Resistance Studies From the 10th Conference on Retroviruses
During the 10th Conference on Retroviruses and Opportunistic Infections (CROI), held in Boston during mid-February 2003, some significant advances and important information were presented, especially in the area of resistance. The following, parts of which were initially published at www.medscape.com, is a brief review of the information and studies presented in this constantly evolving area of HIV medicine.
The prevalence of antiretroviral resistance in primary HIV infection (PHI) has always been of intense interest to researchers and clinicians because it may have a significant impact on a patient's chance for successful treatment with HAART. Earlier studies, primarily done in large urban areas of North America, have found relatively high rates of resistance, ranging from 10.7% to 27.6%. A study presented by Chuck Hicks of Duke University at CROI looked at the rate of antiretroviral resistance in PHI in a less urban area.

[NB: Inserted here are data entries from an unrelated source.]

(* Let $\Gamma$ be a discrete subgroup of $E(n)$, and suppose that $(G,V)$ and $(G',V')$ are finite index cocompact translation pairs of $\Gamma$. Then $V'=V+a$ for some $a\in\mathbb{R}^n$; in particular $\dim V=\dim V'$.
   Context: $E(n)$ denotes the group of isometries of $\mathbb{R}^n$, each of the form $x\mapsto Ax+a$ with $A\in O(n)$, with the topology of $O(n)\times\mathbb{R}^n$; discreteness refers to this topology. For a discrete $\Gamma\le E(n)$, a subgroup $G\le\Gamma$ and an affine subspace $V\subset\mathbb{R}^n$, the pair $(G,V)$ is a cocompact translation pair of $\Gamma$ if $gV=V$ for all $g\in G$, each restriction $g|_V$ is a translation of $V$, and the quotient $V/G$ is compact; it is a finite index cocompact translation pair if moreover $[\Gamma:G]<\infty$. *)

From Stdlib Require Import Reals List.
From mathcomp Require Import ssreflect ssrfun ssrbool eqtype ssrnat fintype bigop.
Set Implicit Arguments.
Unset Strict Implicit.

Open Scope R_scope.

Definition vec (n : nat) := 'I_n -> R.

Definition vadd n (x y : vec n) : vec n := fun i => x i + y i.
Definition vsub n (x y : vec n) : vec n := fun i => x i - y i.
Definition vscale n (t : R) (x : vec n) : vec n := fun i => t * x i.

(* sup-norm distance (induces the standard topology of R^n) *)
Definition vclose n (x y : vec n) (e : R) : Prop := forall i, Rabs (x i - y i) < e.

(* An element of E(n): x |-> A x + a, recorded by the pair (A, a). *)
Record isom (n : nat) := Isom { lin : 'I_n -> 'I_n -> R ; trans : vec n }.

Definition orthogonal n (A : 'I_n -> 'I_n -> R) : Prop :=
  forall i j : 'I_n,
    \big[Rplus/0]_(k < n) (A k i * A k j) = if i == j then 1 else 0.

Definition in_En n (g : isom n) : Prop := orthogonal (lin g).

Definition act n (g : isom n) (x : vec n) : vec n :=
  fun i => \big[Rplus/0]_(j < n) (lin g i j * x j) + trans g i.

(* group law of E(n): (g * h) x = g (h x) *)
Definition isom_comp n (g h : isom n) : isom n :=
  Isom (fun i j => \big[Rplus/0]_(k < n) (lin g i k * lin h k j))
       (fun i => \big[Rplus/0]_(k < n) (lin g i k * trans h k) + trans g i).

Definition isom_id n : isom n :=
  Isom (fun i j => if i == j then 1 else 0) (fun _ => 0).

Definition isom_inv n (g : isom n) : isom n :=
  Isom (fun i j => lin g j i)
       (fun i => - \big[Rplus/0]_(k < n) (lin g k i * trans g k)).

Definition subgroup_En n (S : isom n -> Prop) : Prop :=
  (forall g, S g -> in_En g) /\
  S (isom_id n) /\
  (forall g h, S g -> S h -> S (isom_comp g h)) /\
  (forall g, S g -> S (isom_inv g)).

(* Discreteness in the topology of O(n) x R^n (entrywise / sup metric). *)
Definition isom_close n (g h : isom n) (e : R) : Prop :=
  (forall i j, Rabs (lin g i j - lin h i j) < e) /\
  (forall i, Rabs (trans g i - trans h i) < e).

Definition discrete n (S : isom n -> Prop) : Prop :=
  forall g, S g -> exists e, 0 < e /\
    forall h, S h -> isom_close g h e -> h = g.

Definition subgroup_of n (G Gamma : isom n -> Prop) : Prop :=
  subgroup_En G /\ forall g, G g -> Gamma g.

(* [Gamma : G] < infinity: finitely many left cosets g G cover Gamma *)
Definition finite_index n (G Gamma : isom n -> Prop) : Prop :=
  exists l : list (isom n),
    (forall g, In g l -> Gamma g) /\
    forall x, Gamma x -> exists g h, In g l /\ G h /\ x = isom_comp g h.

Definition affine_subspace n (V : vec n -> Prop) : Prop :=
  (exists p, V p) /\
  forall x y t, V x -> V y ->
    V (vadd (vscale (1 - t) x) (vscale t y)).

Definition preserves n (g : isom n) (V : vec n -> Prop) : Prop :=
  forall y, V y <-> exists x, V x /\ act g x = y.

Definition translation_on n (g : isom n) (V : vec n -> Prop) : Prop :=
  exists b : vec n, forall x, V x -> act g x = vadd x b.

(* Compactness of V/G in the quotient topology: the open sets of V/G are
   exactly the images of G-invariant, relatively open subsets of V. *)
Definition rel_open n (V U : vec n -> Prop) : Prop :=
  (forall x, U x -> V x) /\
  forall x, U x -> exists e, 0 < e /\ forall y, V y -> vclose x y e -> U y.

Definition G_invariant n (G : isom n -> Prop) (U : vec n -> Prop) : Prop :=
  forall g x, G g -> U x -> U (act g x).

Definition quotient_compact n (G : isom n -> Prop) (V : vec n -> Prop) : Prop :=
  forall (I : Type) (U : I -> vec n -> Prop),
    (forall i, rel_open V (U i) /\ G_invariant G (U i)) ->
    (forall x, V x -> exists i, U i x) ->
    exists l : list I, forall x, V x -> exists i, In i l /\ U i x.

Definition cocompact_translation_pair n (Gamma G : isom n -> Prop)
  (V : vec n -> Prop) : Prop :=
  subgroup_of G Gamma /\ affine_subspace V /\
  (forall g, G g -> preserves g V) /\
  (forall g, G g -> translation_on g V) /\
  quotient_compact G V.

Definition fi_cocompact_translation_pair n (Gamma G : isom n -> Prop)
  (V : vec n -> Prop) : Prop :=
  cocompact_translation_pair Gamma G V /\ finite_index G Gamma.

From HB Require Import structures.
From Stdlib Require Import Reals List Lra FunctionalExtensionality Classical ClassicalEpsilon.
From mathcomp Require Import ssreflect ssrfun ssrbool eqtype ssrnat seq fintype bigop.
Set Implicit Arguments.
Unset Strict Implicit.
Open Scope R_scope.

(* If g in G translates V by b, some power g^k lies in G' (finite index) and translates
   V by k b and V' by some b'. Its linear part A is orthogonal, fixes c = k b - b' and maps
   y - x to (y - x) - c for x in V, y in V'; as A preserves inner products, |c|^2 = 0 and
   b is a direction of V'. So G moves points of V without changing their distance to V',
   and compactness of V/G bounds the distance from V to V'. Then every direction of V is
   a limit of directions of V', which form a closed linear subspace. By symmetry V and V'
   have the same directions, hence are translates. *)

HB.instance Definition _ := Monoid.isComLaw.Build R 0 Rplus
  (fun a b c => esym (Rplus_assoc a b c)) Rplus_comm Rplus_0_l.
HB.instance Definition _ := Monoid.isMulLaw.Build R 0 Rmult Rmult_0_l Rmult_0_r.
HB.instance Definition _ := Monoid.isAddLaw.Build R Rmult Rplus
  Rmult_plus_distr_r Rmult_plus_distr_l.

Ltac vec_ring :=
  apply: functional_extensionality => ?; rewrite /vadd /vsub /vscale /=; ring.

Lemma sumR_opp n (F : 'I_n -> R) :
  \big[Rplus/0]_(k < n) - F k = - \big[Rplus/0]_(k < n) F k.
Proof.
rewrite (eq_bigr (fun k => -1 * F k)); last by move=> k _; ring.
rewrite -big_distrr /=; ring.
Qed.

Lemma sumR_ge_term n (F : 'I_n -> R) i :
  (forall j, 0 <= F j) -> F i <= \big[Rplus/0]_(k < n) F k.
Proof.
move=> F_ge0; rewrite (bigD1 i) //=.
rewrite -{1}[F i]Rplus_0_r; apply: Rplus_le_compat_l.
by apply: (big_ind (fun x => 0 <= x)) => [|x y|j _]; [lra | lra | apply: F_ge0].
Qed.

Lemma sumR_delta n (i : 'I_n) (x : 'I_n -> R) :
  \big[Rplus/0]_(k < n) ((if i == k then 1 else 0) * x k) = x i.
Proof.
rewrite (bigD1 i) //= eqxx big1 => [|k /negPf ik]; first ring.
by rewrite eq_sym ik Rmult_0_l.
Qed.

Definition mxv n (A : 'I_n -> 'I_n -> R) (v : vec n) : vec n :=
  fun i => \big[Rplus/0]_(j < n) (A i j * v j).

Definition mxtv n (A : 'I_n -> 'I_n -> R) (v : vec n) : vec n :=
  fun i => \big[Rplus/0]_(j < n) (A j i * v j).

Definition dotv n (u v : vec n) : R := \big[Rplus/0]_(j < n) (u j * v j).

Lemma act_comp n (g h : isom n) x : act (isom_comp g h) x = act g (act h x).
Proof.
apply: functional_extensionality => i; rewrite /act /= -Rplus_assoc; congr (_ + _).
under eq_bigr => j _ do rewrite big_distrl.
rewrite exchange_big -big_split /=.
apply: eq_bigr => k _; rewrite Rmult_plus_distr_l big_distrr; congr (_ + _).
by apply: eq_bigr => j _ /=; ring.
Qed.

Lemma act_id n x : act (isom_id n) x = x.
Proof. apply: functional_extensionality => i; rewrite /act /= sumR_delta; ring. Qed.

This study evaluated 31 patients from 2 states in the southeastern United States, North Carolina and Georgia, who were infected with HIV between 1998 and 2002. The patients all had genotypic and phenotypic resistance testing performed within a median of 26 days after onset of their PHI symptoms. As would be expected, at the time of resistance testing, the patients' mean viral load was relatively high, 5.54 log10 copies/mL.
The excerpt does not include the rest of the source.